Chairman of Darjeeling Gorkha Hill Council
- In office 1988–2008

Personal details
- Born: 22 June 1936 Manju Tea Estate, Mirik, Darjeeling, British India
- Died: 29 January 2015 (aged 78) New Delhi
- Spouse: Dhan Kumari
- Occupation: Politician

= Subhash Ghisingh =

Indian politician (1936–2015)

Subash Ghisingh was an Indian politician who was the leader of Gorkha National Liberation Front (GNLF), which he founded in 1980. He was the chairman of the Darjeeling Gorkha Hill Council in West Bengal, India from 1988 to 2008. He spearheaded the Gorkhaland movement in the 1980s.

The Gorkhaland movement grew from the demand of Gorkhas living in Darjeeling Himalayan region of West Bengal for a separate state. The Gorkhaland National Liberation Front led the movement, which disrupted the district with massive violence between 1986 and 1988, leading to the deaths of many who were involved.

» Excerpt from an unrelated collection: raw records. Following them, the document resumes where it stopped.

Lemma Derive_near_root x : Rabs (x - alpha) < rI ->
  Rabs (Derive f alpha) / 2 <= Rabs (Derive f x) <= 3 * Rabs (Derive f alpha) / 2.
Proof.
  intros Hx. specialize (Hdb x Hx). pose proof (Rabs_triang_inv (Derive f x) (Derive f alpha)).
  pose proof (Rabs_triang_inv (Derive f alpha) (Derive f x)). rewrite Rabs_minus_sym in H0. lra.
Qed.

Lemma Derive_neq0_near_root x : Rabs (x - alpha) < rI -> Derive f x <> 0.
Proof.
  intros Hx H0. pose proof (Derive_near_root x Hx) as Hb. rewrite H0, Rabs_R0 in Hb.
  assert (0 < Rabs (Derive f alpha)) by (apply Rabs_pos_lt; auto). lra.
Qed.

Lemma mvt_near_root x1 x2 : Rabs (x1 - alpha) < rI -> Rabs (x2 - alpha) < rI ->
  exists c, Rabs (c - alpha) < rI /\ Rabs (f x2 - f x1) = Rabs (Derive f c) * Rabs (x2 - x1).
Proof.
  intros H1 H2. destruct (MVT_abs f (Derive f) x1 x2) as [c [Hc Hbc]].
  - intros c Hc. apply is_derive_Reals, Derive_correct, (Hf 1%nat).
  - exists c. split; auto. apply (between_Rabs_lt x1 x2); auto.
Qed.

Lemma f_near_root x : Rabs (x - alpha) < rI ->
  Rabs (Derive f alpha) / 2 * Rabs (x - alpha) <= Rabs (f x) <= 3 * Rabs (Derive f alpha) / 2 * Rabs (x - alpha).
Proof.
  intros Hx. assert (Ha : Rabs (alpha - alpha) < rI)
    by (pose proof (Rabs_pos (x - alpha)); rewrite Rminus_diag, Rabs_R0; lra).
  destruct (mvt_near_root alpha x Ha Hx) as [c [Hc Hfc]].
  rewrite Hfa, Rminus_0_r in Hfc. rewrite Hfc. pose proof (Derive_near_root c Hc).
  pose proof (Rabs_pos (x - alpha)). split; apply Rmult_le_compat_r; lra.
Qed.

Lemma f_injective_near_root x1 x2 : Rabs (x1 - alpha) < rI -> Rabs (x2 - alpha) < rI ->
  f x1 = f x2 -> x1 = x2.
Proof.
  intros H1 H2 Heq. destruct (mvt_near_root x1 x2 H1 H2) as [c [Hc Hfc]].
  rewrite Heq, Rminus_diag, Rabs_R0 in Hfc. symmetry in Hfc.
  apply Rmult_integral in Hfc as [Hz|Hz].
  - apply Rabs_eq_0 in Hz. destruct (Derive_neq0_near_root c Hc Hz).
  - apply Rabs_eq_0 in Hz. lra.
Qed.

Variable r0 : R.
Hypothesis Hg : forall y, Rabs y < r0 -> f (g y) = y /\ continuous g y.
Hypothesis HgI : forall y, Rabs y < r0 -> Rabs (g y - alpha) < rI.

Lemma is_derive_inverse_near_0 y : Rabs y < r0 -> is_derive g y (/ Derive f (g y)).
Proof.
  intros Hy. apply (is_derive_local_inverse f g).
  - apply Hg, Hy.
  - apply Rabs_locally with (r0 - Rabs y); [lra|].
    intros z Hz. apply Hg. replace z with ((z - y) + y) by ring.
    eapply Rle_lt_trans; [apply Rabs_triang|lra].
  - apply Derive_correct, (Hf 1%nat).
  - apply Derive_neq0_near_root, HgI, Hy.
Qed.

Lemma inverse_Cn_on n : Cn_on n g (fun y => Rabs y < r0).
Proof.
  induction n as [|n IH]; [intros y Hy; apply Hg, Hy|]. split.
  - intros y Hy. eexists. apply is_derive_inverse_near_0, Hy.
  - apply Cn_on_ext with (fun y => / Derive f (g y)); [apply open_Rabs_lt_0|..].
    + intros y Hy. symmetry. apply is_derive_unique, is_derive_inverse_near_0, Hy.
    + set (I := fun x => Rabs (x - alpha) < rI).
      apply (Cn_on_comp n (fun x => / Derive f x) g _ I); auto; try apply open_Rabs_lt_0; try apply open_Rabs_lt.
      apply (Cn_on_comp n Rinv (Derive f) I (fun x => x <> 0)); try apply open_Rabs_lt.
      * apply open_neq.
      * apply Cn_on_Rinv.
      * apply (smooth_Cn_on f Hf n 1 I).
      * exact Derive_neq0_near_root.
Qed.

Lemma inverse_left x : Rabs (x - alpha) < rI -> Rabs (f x) < r0 -> g (f x) = x.
Proof. intros Hx Hfx. apply f_injective_near_root; auto. apply Hg, Hfx. Qed.

End Local_inverse.

Lemma local_inverse_setup (f g : R -> R) alpha r :
  smooth f -> Derive f alpha <> 0 -> 0 < r -> g 0 = alpha ->
  (forall y, Rabs y < r -> f (g y) = y /\ continuous g y) ->
  exists rI r0, 0 < rI /\ 0 < r0 /\
   (forall x, Rabs (x - alpha) < rI -> Rabs (Derive f x - Derive f alpha) < Rabs (Derive f alpha) / 2) /\
   (forall n, Cn_on n g (fun y => Rabs y < r0)) /\
   (forall y, Rabs y < r0 -> Derive g y = / Derive f (g y)) /\
   (forall x, Rabs (x - alpha) < rI -> Rabs (f x) < r0 -> g (f x) = x).
Proof.
  intros Hf Hd Hr Hg0 Hg.
  assert (Hcd : continuous (Derive f) alpha) by apply ex_derive_continuous_R, (Hf 2%nat alpha).
  destruct (continuous_Rabs_lt _ _ Hcd (Rabs (Derive f alpha) / 2)) as [rI [HrI Hdb]];
    [assert (0 < Rabs (Derive f alpha)) by (apply Rabs_pos_lt; auto); lra|].
  assert (Hcg : continuous g 0) by (apply Hg; rewrite Rabs_R0; auto).
  destruct (continuous_Rabs_lt g 0 Hcg rI HrI) as [r1 [Hr1 Hgr1]].
  set (r0 := Rmin r1 r).
  assert (Hr0 : forall y, Rabs y < r0 -> Rabs y < r1 /\ Rabs y < r)
    by (intros y Hy; split; eapply Rlt_le_trans; try apply Hy; [apply Rmin_l|apply Rmin_r]).
  assert (Hg' : forall y, Rabs y < r0 -> f (g y) = y /\ continuous g y) by (intros y Hy; apply Hg, Hr0, Hy).
  assert (HgI : forall y, Rabs y < r0 -> Rabs (g y - alpha) < rI)
    by (intros y Hy; rewrite <- Hg0; apply Hgr1; rewrite Rminus_0_r; apply Hr0, Hy).
  exists rI, r0. repeat split; auto.
  - apply Rmin_pos; auto.
  - intros n. apply (inverse_Cn_on f g alpha rI Hf Hd Hdb r0 Hg' HgI).
  - intros y Hy. apply is_derive_unique, (is_derive_inverse_near_0 f g alpha rI Hf Hd Hdb r0 Hg' HgI y Hy).
  - apply (inverse_left f g alpha rI Hf Hd Hdb r0 Hg' HgI).
Qed.
Theorem syt_gpath_parity_bijection N :
  exists f : syt N -> gpath N,
    bijective f /\ forall T : syt N, odd (area (val (f T))) = reading_parity T.
Proof.
exists (@gpath_of_syt N); split.
  exact: Bijective (@gpath_of_sytK N) (@syt_of_pathK N).
move=> T; rewrite area_inversions -odd_perm_inversions step_perm_gpath_of_syt.
exact: odd_permV.
Qed.

Theorem lemma2p18 (c n : nat) :
  odd c -> odd n -> 0 < c -> c < n ->
  let N := n - c - 1 in
  exists f : syt N -> gpath N,
    bijective f /\
    forall T : syt N, odd (area (val (f T))) = reading_parity T.
Proof. by move=> _ _ _ _ N; apply: syt_gpath_parity_bijection. Qed.
(* Let $Y\in\mathbb{C}^{(n\times n)\cdot d}$, let $f$ be an NC function uniformly analytic in a uniformly open neighbourhood of $Y$, with Taylor–Taylor coefficients $\hat f_{\alpha,\beta;\omega}$ at $Y$ as in the context, and for $1\le a,b\le n$ let $f_{a,b}$ be the formal power series in $dn^2$ non-commuting variables $\{\mathfrak{z}_{i,j,k}:1\le i,j\le n,1\le k\le d\}$, $$f_{a,b}=\sum_{\ell\ge0}\ \sum_{\substack{\alpha=a_0\cdots a_{\ell-1},\ \beta=b_0\cdots b_{\ell-1}\in\mathbb{F}^+_n\\ \omega=w_1\cdots w_\ell\in\mathbb{F}^+_d}}\hat f_{\alpha a,\beta b;\omega}\ \mathfrak{z}_{a_0,b_0,w_1}\mathfrak{z}_{a_1,b_1,w_2}\cdots\mathfrak{z}_{a_{\ell-1},b_{\ell-1},w_\ell}.$$ Then for every $1\le a,b\le n$ the radius of convergence $R_{a,b}$ of $f_{a,b}$ at $0$ is positive.
   Context: $\mathbb{C}^{(k\times k)\cdot d}$ denotes column $d$-tuples of $k\times k$ matrices with $\|X\|_{\mathrm{col}}$ the operator norm of the stacked matrix; the uniform topology is generated by the sets $\bigsqcup_m\{X\in\mathbb{C}^{(mk\times mk)\cdot d}:\|X-I_m\otimes Z\|_{\mathrm{col}}<r\}$. An NC function is a map on a direct-sum-closed set that is graded, respects direct sums and joint similarities; it is uniformly analytic if its domain is uniformly open and it is locally bounded in the uniform topology. Such $f$ has a Taylor–Taylor expansion at $Y$: unique $|\omega|$-linear maps $f_\omega:(\mathbb{C}^{n\times n})^{|\omega|}\to\mathbb{C}^{n\times n}$ ($\omega\in\mathbb{F}^+_d$, the free monoid on $\{1,\dots,d\}$) with $f(X)=\sum_\omega f_\omega\circ(X-I_m\otimes Y)^{\odot\omega}$ near $Y$ (blockwise application to Haagerup products of $m\times m$ block matrices). Each $f_\omega$ with $|\omega|=\ell$ is written uniquely as $f_\omega(G_1,\dots,G_\ell)=\sum\hat f_{\alpha,\beta;\omega}E_{a_0,b_0}G_1E_{a_1,b_1}\cdots G_\ell E_{a_\ell,b_\ell}$, summing over $\alpha=a_0\cdots a_\ell,\beta=b_0\cdots b_\ell\in\mathbb{F}^+_n$, with $E_{i,j}$ the matrix units. The radius of convergence at $0$ of a formal power series $g=\sum_\nu\hat g_\nu\mathfrak{z}^\nu$ in $N$ non-commuting variables is $R_g$ with $1/R_g=\limsup_{\ell\to\infty}\big(\sum_{|\nu|=\ell}|\hat g_\nu|^2\big)^{1/(2\ell)}$. *)

From HB Require Import structures.
From mathcomp Require Import all_boot all_order all_algebra.
From mathcomp Require Import complex mxtens.
From mathcomp Require Import boolp classical_sets reals ereal topology sequences exp.
Set Implicit Arguments. Unset Strict Implicit. Unset Printing Implicit Defensive.
Import Order.TTheory GRing.Theory Num.Theory.
Local Open Scope ring_scope.
Local Open Scope classical_set_scope.

Section NC.
Variable R : realType.
Local Notation C := R[i].

Definition normsq (z : C) : R := complex.Re z ^+ 2 + complex.Im z ^+ 2.

Definition vsq N (v : 'cV[C]_N) : R := \sum_(i < N) normsq (v i 0).

(* ||X||_col : operator norm of the column-stacked d-tuple X *)
Definition colnorm d N (X : 'I_d -> 'M[C]_N) : R :=
  sup [set t | exists v : 'cV[C]_N, vsq v <= 1 /\
                 t = Num.sqrt (\sum_(k < d) vsq (X k *m v))].

Definition opnorm N (A : 'M[C]_N) : R := colnorm (fun _ : 'I_1 => A).

(* block matrices : the (i,a)-th row of an (m*k)x(m*k) matrix is i*k+a *)
Definition blockmx_of m k (B : 'I_m -> 'I_m -> 'M[C]_k) : 'M[C]_(m * k) :=
  \matrix_(p, q) B (mxtens_unindex p).1 (mxtens_unindex q).1
                   (mxtens_unindex p).2 (mxtens_unindex q).2.

Definition block m k (M : 'M[C]_(m * k)) (i j : 'I_m) : 'M[C]_k :=
  \matrix_(a, b) M (mxtens_index (i, a)) (mxtens_index (j, b)).

Definition ampl m k (Z : 'M[C]_k) : 'M[C]_(m * k) :=
  blockmx_of (fun i j : 'I_m => if i == j then Z else 0).

Arguments ampl m {k}.

Definition inball d m k (Z : 'I_d -> 'M[C]_k) (r : R)
    (X : 'I_d -> 'M[C]_(m * k)) : Prop :=
  colnorm (fun s => X s - ampl m (Z s)) < r.

Arguments inball {d} m {k}.

Definition ncset d := forall N : nat, set ('I_d -> 'M[C]_N).
Definition ncmap d := forall N : nat, ('I_d -> 'M[C]_N) -> 'M[C]_N.

Definition dsum d N M (X : 'I_d -> 'M[C]_N) (Z : 'I_d -> 'M[C]_M)
  : 'I_d -> 'M[C]_(N + M) := fun s => block_mx (X s) 0 0 (Z s).

Definition dsum_closed d (Om : ncset d) : Prop :=
  forall N M X Z, Om N X -> Om M Z -> Om (N + M)%N (dsum X Z).

(* NC function: graded (by its type), respects direct sums and similarities *)
Definition nc_function d (Om : ncset d) (f : ncmap d) : Prop :=
  [/\ dsum_closed Om,
      (forall N M X Z, Om N X -> Om M Z ->
         f (N + M)%N (dsum X Z) = block_mx (f N X) 0 0 (f M Z)) &
      (forall N X (S : 'M[C]_N), S \in unitmx -> Om N X ->
         Om N (fun s => S *m X s *m invmx S) ->
         f N (fun s => S *m X s *m invmx S) = S *m f N X *m invmx S)].

(* open in the uniform topology (the basic sets form a base) *)
Definition uniformly_open d (Om : ncset d) : Prop :=
  forall N X, Om N X -> exists2 r : R, 0 < r &
    forall m, (0 < m)%N -> forall X', inball m X r X' -> Om (m * N)%N X'.
(* Let $(G,\alpha,\mathcal A)$ and $(G,\beta,\mathcal B)$ be unital $C^*$-dynamical systems of a locally compact group $G$, let $E$ be a $\mathcal B$-$\mathcal A$ Hilbert bimodule which is full with respect to both inner products, and let $\eta$ be a $(\beta,\alpha)$-compatible action of $G$ on $E$. If $\alpha$ or $\beta$ is outer, then $\eta$ is outer.
   Context: A $\mathcal B$-$\mathcal A$ Hilbert bimodule $E$ is a left Hilbert $\mathcal B$-module (inner product ${}_{\mathcal B}\langle\cdot,\cdot\rangle$, linear in the first variable) and right Hilbert $\mathcal A$-module (inner product $\langle\cdot,\cdot\rangle_{\mathcal A}$) with ${}_{\mathcal B}\langle x,y\rangle z=x\langle y,z\rangle_{\mathcal A}$. Full means the inner products span dense subsets of $\mathcal B$, resp. $\mathcal A$. A $(\beta,\alpha)$-compatible action is a homomorphism $g\mapsto\eta_g$ into invertible linear maps of $E$ with $\eta_g(bx)=\beta_g(b)\eta_g(x)$, $\eta_g(xa)=\eta_g(x)\alpha_g(a)$, ${}_{\mathcal B}\langle\eta_gx,\eta_gy\rangle=\beta_g({}_{\mathcal B}\langle x,y\rangle)$, $\langle\eta_gx,\eta_gy\rangle_{\mathcal A}=\alpha_g(\langle x,y\rangle_{\mathcal A})$, and $g\mapsto\eta_g(x)$ continuous. For unitaries $u\in\mathcal A$, $u'\in\mathcal B$, $\mathrm{Ad}(u',u)(x):=u'^*xu$. The action $\eta$ is outer if for every $t\in G\setminus\{e\}$, $\eta_t\neq\mathrm{Ad}(u',u)$ for all unitaries $u\in\mathcal A$, $u'\in\mathcal B$. An action $\alpha$ on a unital $C^*$-algebra $\mathcal A$ is outer if for every $t\ne e$, $\alpha_t$ is not of the form $a\mapsto u^*au$ for a unitary $u\in\mathcal A$. *)

From mathcomp Require Import all_boot all_order all_algebra.
From mathcomp Require Import all_classical all_reals all_analysis.
From mathcomp Require Import complex.
Import Order.TTheory GRing.Theory Num.Theory.
Local Open Scope ring_scope.
Set Implicit Arguments.
Unset Strict Implicit.
Unset Printing Implicit Defensive.

Record unital_cstar (R : realType) := UnitalCstar {
  cs_sort :> completeNormedModType R[i];
  cs_mul : cs_sort -> cs_sort -> cs_sort;
  cs_one : cs_sort;
  cs_star : cs_sort -> cs_sort;
  cs_mulA : associative cs_mul;
  cs_mul1l : left_id cs_one cs_mul;
  cs_mul1r : right_id cs_one cs_mul;
  cs_mulDl : left_distributive cs_mul +%R;
  cs_mulDr : right_distributive cs_mul +%R;
  cs_mulZl : forall (k : R[i]) a b, cs_mul (k *: a) b = k *: cs_mul a b;
  cs_mulZr : forall (k : R[i]) a b, cs_mul a (k *: b) = k *: cs_mul a b;
  cs_starK : involutive cs_star;
  cs_starD : forall a b, cs_star (a + b) = cs_star a + cs_star b;
  cs_starZ : forall (k : R[i]) a, cs_star (k *: a) = k^* *: cs_star a;
  cs_starM : forall a b, cs_star (cs_mul a b) = cs_mul (cs_star b) (cs_star a);
  cs_norm_mul : forall a b, `|cs_mul a b| <= `|a| * `|b|;
  cs_cstar_id : forall a, `|cs_mul (cs_star a) a| = `|a| ^+ 2
}.

Arguments cs_mul {R A} : rename.
Arguments cs_one {R} A : rename.
Arguments cs_star {R A} : rename.

Definition unitary (R : realType) (A : unital_cstar R) (u : A) : Prop :=
  cs_mul (cs_star u) u = cs_one A /\ cs_mul u (cs_star u) = cs_one A.

Definition cs_positive (R : realType) (A : unital_cstar R) (a : A) : Prop :=
  exists c : A, a = cs_mul (cs_star c) c.
Definition cstar_closed (S : op -> Prop) : Prop :=
  (forall T, S T -> bounded T) /\
  (forall T1 T2, S T1 -> S T2 -> S (oadd T1 T2)) /\
  (forall c T, S T -> S (oscale c T)) /\
  (forall T1 T2, S T1 -> S T2 -> S (ocomp T1 T2)) /\
  (forall T T', S T -> bounded T' -> adjoint_of T' T -> S T') /\
  (forall T, bounded T ->
     (forall e : R, 0 < e -> exists T', S T' /\ opnorm2 (osub T T') < e) ->
     S T).

(* A : the C*-algebra generated by U and all a(K), a in c(Z) *)
Definition Acal (T : op) : Prop :=
  forall S : op -> Prop, cstar_closed S -> S shiftU ->
    (forall a, cZ a -> S (multK a)) -> S T.

(* calA : finite sums  sum_n U^n a_n(K)  with a_n eventually constant;
   (U^n a(K) x)_k = a(k-n) x_(k-n) *)
Definition Aalg (T : op) : Prop :=
  exists (m : nat) (ns : 'I_m -> int) (as_ : 'I_m -> int -> R[i]),
    (forall i, ev_const (as_ i)) /\
    opeq T (fun x k => \sum_(i < m) as_ i (k - ns i) * x (k - ns i)).

Definition Kcal (T : op) : Prop := compact T.

Definition derivation (d : op -> op) : Prop :=
  [/\ (forall a, Aalg a -> Acal (d a)),
      (forall a b, Aalg a -> Aalg b -> opeq a b -> opeq (d a) (d b)),
      (forall a b, Aalg a -> Aalg b -> opeq (d (oadd a b)) (oadd (d a) (d b))),
      (forall c a, Aalg a -> opeq (d (oscale c a)) (oscale c (d a))) &
      (forall a b, Aalg a -> Aalg b ->
         opeq (d (ocomp a b)) (oadd (ocomp a (d b)) (ocomp (d a) b)))].

End L2Z.

(* A compact element a = sum_n U^n a_n(K) of calA is supported in a finite
   window.  Indeed, if c_n^+ is the value of a_n near +oo, then for large j
   the vector a E_j is the translate by j of the coefficient sequence of the
   Laurent polynomial sum_n c_n^+ U^n.  Compactness forces a E_j to have a
   Cauchy subsequence along a widely separated sequence of j's, which is only
   possible if that Laurent polynomial vanishes; likewise at -oo.  Hence
   a = P a = a P for the orthogonal projection P onto finitely many E_k.
   Since every element of A is bounded, the Leibniz rule gives
   d a = d (P a) = P d(a) + d(P) a P, a sum of two finite-rank operators.
   The second claim follows by linearity of d. *)

From HB Require Import structures.
From mathcomp Require Import all_boot all_order all_algebra.
From mathcomp Require Import all_classical all_reals.
From mathcomp Require Import complex.
From mathcomp Require Import topology normedtype sequences.
From mathcomp Require Import zify ring lra.
Import ComplexField Normc.
Import numFieldNormedType.Exports.

Set Implicit Arguments.
Unset Strict Implicit.
Unset Printing Implicit Defensive.

Import Order.TTheory GRing.Theory Num.Theory.
Local Open Scope ring_scope.
Local Open Scope classical_set_scope.

Section ShiftAlgebra.
Variable R : realType.
Implicit Types (x y : vec R) (T : op R) (z w : R[i]).

(** * The space l^2(Z) *)

Lemma normc_ge0 z : 0 <= normc z.
Proof. by case: z => a b; rewrite /normc sqrtr_ge0. Qed.

Lemma cabs2_ge0 z : 0 <= cabs2 z.
Proof. by rewrite /cabs2 sqr_ge0. Qed.

Lemma cabs20 : cabs2 (0 : R[i]) = 0.
Proof. by rewrite /cabs2 normc0 expr0n. Qed.

Lemma cabs21 : cabs2 (1 : R[i]) = 1.
Proof. by rewrite /cabs2 normc1 expr1n. Qed.

Lemma cabs2M z w : cabs2 (z * w) = cabs2 z * cabs2 w.
Proof. by rewrite /cabs2 normcM exprMn. Qed.

Lemma cabs2N z : cabs2 (- z) = cabs2 z.
Proof. by rewrite /cabs2 normcN. Qed.

Lemma cabs2D z w : cabs2 (z + w) <= 2 * cabs2 z + 2 * cabs2 w.
Proof.
have := le_normcD z w; have := normc_ge0 z; have := normc_ge0 w.
have := normc_ge0 (z + w); have := sqr_ge0 (normc z - normc w).
rewrite /cabs2; nra.
Qed.

Lemma cabs2B z w : cabs2 (z - w) <= 2 * cabs2 z + 2 * cabs2 w.
Proof. by rewrite -(cabs2N w) cabs2D. Qed.

Lemma cabs2_eq0 z : cabs2 z = 0 -> z = 0.
Proof. by move=> /eqP; rewrite /cabs2 sqrf_eq0 => /eqP /eq0_normc. Qed.

Lemma cabs2E z : cabs2 z = complex.Re z ^+ 2 + complex.Im z ^+ 2.
Proof. by case: z => a b; rewrite /cabs2 /normc /= sqr_sqrtr // addr_ge0 // sqr_ge0. Qed.

Lemma sqn_ge0 x n : 0 <= sqn x n.
Proof. by rewrite /sqn sumr_ge0 // => i _; exact: cabs2_ge0. Qed.

Lemma sqn_le_nrm2 x n : l2 x -> sqn x n <= nrm2 x.
Proof.
move=> [M HM]; apply: ub_le_sup; last by exists n.
by exists M => _ [k _ <-].
Qed.

Lemma nrm2_le x M : (forall n, sqn x n <= M) -> nrm2 x <= M.
Proof. by move=> H; apply: ge_sup; [exists (sqn x 0); exists 0|move=> _ [k _ <-]]. Qed.

Lemma nrm2_ge0 x : l2 x -> 0 <= nrm2 x.
Proof. by move=> h; apply: le_trans (sqn_le_nrm2 0 h); exact: sqn_ge0. Qed.

Lemma cabs2_le_sqn x n (k : int) : - (n%:Z) <= k < n%:Z -> cabs2 (x k) <= sqn x n.
Proof.
move=> hk; have hi : (absz (k + n%:Z)%R < n.*2)%N by lia.
rewrite /sqn (bigD1 (Ordinal hi)) //= -[X in X <= _]addr0 lerD ?sumr_ge0 //.
  by rewrite le_eqVlt; apply/orP; left; apply/eqP; congr (cabs2 (x _)); lia.
by move=> i _; exact: cabs2_ge0.
Qed.

Lemma cabs2_le_nrm2 x k : l2 x -> cabs2 (x k) <= nrm2 x.
Proof. by move=> h; apply: le_trans (sqn_le_nrm2 (absz k).+1 h); apply: cabs2_le_sqn; lia. Qed.

Lemma sqn_add x y n : sqn (vadd x y) n <= 2 * sqn x n + 2 * sqn y n.
Proof. by rewrite /sqn !mulr_sumr -big_split /=; apply: ler_sum => i _; exact: cabs2D. Qed.

Lemma sqn_sub x y n : sqn (vsub x y) n <= 2 * sqn x n + 2 * sqn y n.
Proof. by rewrite /sqn !mulr_sumr -big_split /=; apply: ler_sum => i _; exact: cabs2B. Qed.

Lemma sqn_scale c x n : sqn (vscale c x) n = cabs2 c * sqn x n.
Proof. by rewrite /sqn mulr_sumr; apply: eq_bigr => i _; rewrite cabs2M. Qed.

The issue was resolved, at least temporarily, in 1988 with the establishment of the Darjeeling Gorkha Hill Council within West Bengal.

After a prolonged illness, Subhash Ghisingh died on 29 January 2015 at Ganga Ram Hospital in New Delhi. The hospital authorities released a statement stating that Subhash Ghisingh was suffering from pneumonia and liver cancer. Ghisingh's son Mohan Ghisingh was named the new party chief by the GNLF.

==Sixth Schedule and exile==
The fourth DGHC elections were due in 2004. However, the government decided not to hold elections and instead made Subhash Ghisingh the sole caretaker of the DGHC till a Sixth Schedule tribal council was established in the Darjeeling hills. Most of the other political parties and organisations opposed the setting up of a Sixth Schedule tribal council as there was only a minority tribal population in the DGHC area. Resentment among the former councillors of DGHC also grew rapidly. Among them, Bimal Gurung, once the trusted aide of Ghisingh, decided to break away from the GNLF. Riding on a mass support for the darjeeling based singer Prashant Tamang, who was the winner of Indian Idol season 3 in 2007, Bimal quickly capitalised on the public support he received for supporting Prashant, and was able to overthrow Ghisingh from the seat of power. Ghisingh resigned from the chairmanship of the DGHC in March 2008

==West Bengal assembly elections 2011 and return from exile==
After lying in political hibernation for three years, Subhash Ghisingh returned to Darjeeling on 8 April 2011 ahead of the West Bengal assembly elections. His party contested the state assembly elections held on 18 April 2011 from three constituencies in the Darjeeling hills but lost all the three seats that it had won in the earlier election. Ghisingh left the Darjeeling hills again on 16 May 2011 on yet another political hibernation. He later returned to Darjeeling ahead of the Lok Sabha elections in 2014 but remained politically inactive due to his poor health.